Lemma card_cone_aut_identity (Z M L : obj C) :
  (#|cone_set Z M L| * #|aut_set L|)%:R *
    Num.sqrt (\prod_(1 <= i < t.+1) (((card_hom (shiftn i Z) M)%:R : R) ^ alt i
                                     / ((card_hom (shiftn i Z) Z)%:R : R) ^ alt i)) =
  (#|cone_set M L (sh Z)| * #|aut_set Z|)%:R *
    Num.sqrt (\prod_(1 <= i < t.+1) (((card_hom (shiftn i M) L)%:R : R) ^ alt i
                                     / ((card_hom (shiftn i L) L)%:R : R) ^ alt i)).
Proof.
rewrite -(card_aut_shift Z) -sum_annihilator_dist -sum_annihilator_dist_rot.
rewrite !natr_sum !mulr_suml; apply: eq_bigr => x /asboolP.
exact: annihilator_sqrt_identity.
Qed.

End Triangulated.

Theorem corollary2p3 (k : finFieldType) (C : preTri k) (t : nat)
  (HC : periodic_tricat C t) (t_gt1 : (1 < t)%N) (t_odd : odd t)
  (R : rcfType) (Z L M : obj C) :
  (#|cone_set M L (shift C Z)|%:R / #|aut_set L|%:R : R) *
    Num.sqrt (\prod_(1 <= i < t.+1)
        (((card_hom (shiftn i M) L)%:R : R) ^ ((-1) ^+ i : int)
          / ((card_hom (shiftn i L) L)%:R : R) ^ ((-1) ^+ i : int)))
  =
  (#|cone_set Z M L|%:R / #|aut_set Z|%:R : R) *
    Num.sqrt (\prod_(1 <= i < t.+1)
        (((card_hom (shiftn i Z) M)%:R : R) ^ ((-1) ^+ i : int)
          / ((card_hom (shiftn i Z) Z)%:R : R) ^ ((-1) ^+ i : int))).
Proof.
(* Only the parity of [t] matters. *)
case: HC => [[Hcat Hadd] Hshift [HTR1 HTR2] [HTR3 _] [_ Hper]].
have := card_cone_aut_identity Hcat Hadd Hshift HTR1 HTR2 HTR3 Hper R t_odd Z M L.
have aut_neq0 (X : obj C) : (#|aut_set X|%:R : R) != 0.
  by rewrite pnatr_eq0 -lt0n (card_aut_gt0 Hcat).
rewrite !natrM; set sZM := Num.sqrt _; set sML := Num.sqrt _ => E.
apply: (mulIf (mulf_neq0 (aut_neq0 L) (aut_neq0 Z))).
transitivity (#|cone_set M L (shift C Z)|%:R * #|aut_set Z|%:R * sML : R).
  by field; rewrite aut_neq0.
by rewrite -E; field; rewrite aut_neq0.
Qed.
• • • •
YOUR ASSIGNMENT
Give the records again, unchanged and complete.

ANSWER SECTION
Lemma card_cone_aut_identity (Z M L : obj C) :
  (#|cone_set Z M L| * #|aut_set L|)%:R *
    Num.sqrt (\prod_(1 <= i < t.+1) (((card_hom (shiftn i Z) M)%:R : R) ^ alt i
                                     / ((card_hom (shiftn i Z) Z)%:R : R) ^ alt i)) =
  (#|cone_set M L (sh Z)| * #|aut_set Z|)%:R *
    Num.sqrt (\prod_(1 <= i < t.+1) (((card_hom (shiftn i M) L)%:R : R) ^ alt i
                                     / ((card_hom (shiftn i L) L)%:R : R) ^ alt i)).
Proof.
rewrite -(card_aut_shift Z) -sum_annihilator_dist -sum_annihilator_dist_rot.
rewrite !natr_sum !mulr_suml; apply: eq_bigr => x /asboolP.
exact: annihilator_sqrt_identity.
Qed.

End Triangulated.

Theorem corollary2p3 (k : finFieldType) (C : preTri k) (t : nat)
  (HC : periodic_tricat C t) (t_gt1 : (1 < t)%N) (t_odd : odd t)
  (R : rcfType) (Z L M : obj C) :
  (#|cone_set M L (shift C Z)|%:R / #|aut_set L|%:R : R) *
    Num.sqrt (\prod_(1 <= i < t.+1)
        (((card_hom (shiftn i M) L)%:R : R) ^ ((-1) ^+ i : int)
          / ((card_hom (shiftn i L) L)%:R : R) ^ ((-1) ^+ i : int)))
  =
  (#|cone_set Z M L|%:R / #|aut_set Z|%:R : R) *
    Num.sqrt (\prod_(1 <= i < t.+1)
        (((card_hom (shiftn i Z) M)%:R : R) ^ ((-1) ^+ i : int)
          / ((card_hom (shiftn i Z) Z)%:R : R) ^ ((-1) ^+ i : int))).
Proof.
(* Only the parity of [t] matters. *)
case: HC => [[Hcat Hadd] Hshift [HTR1 HTR2] [HTR3 _] [_ Hper]].
have := card_cone_aut_identity Hcat Hadd Hshift HTR1 HTR2 HTR3 Hper R t_odd Z M L.
have aut_neq0 (X : obj C) : (#|aut_set X|%:R : R) != 0.
  by rewrite pnatr_eq0 -lt0n (card_aut_gt0 Hcat).
rewrite !natrM; set sZM := Num.sqrt _; set sML := Num.sqrt _ => E.
apply: (mulIf (mulf_neq0 (aut_neq0 L) (aut_neq0 Z))).
transitivity (#|cone_set M L (shift C Z)|%:R * #|aut_set Z|%:R * sML : R).
  by field; rewrite aut_neq0.
by rewrite -E; field; rewrite aut_neq0.
Qed.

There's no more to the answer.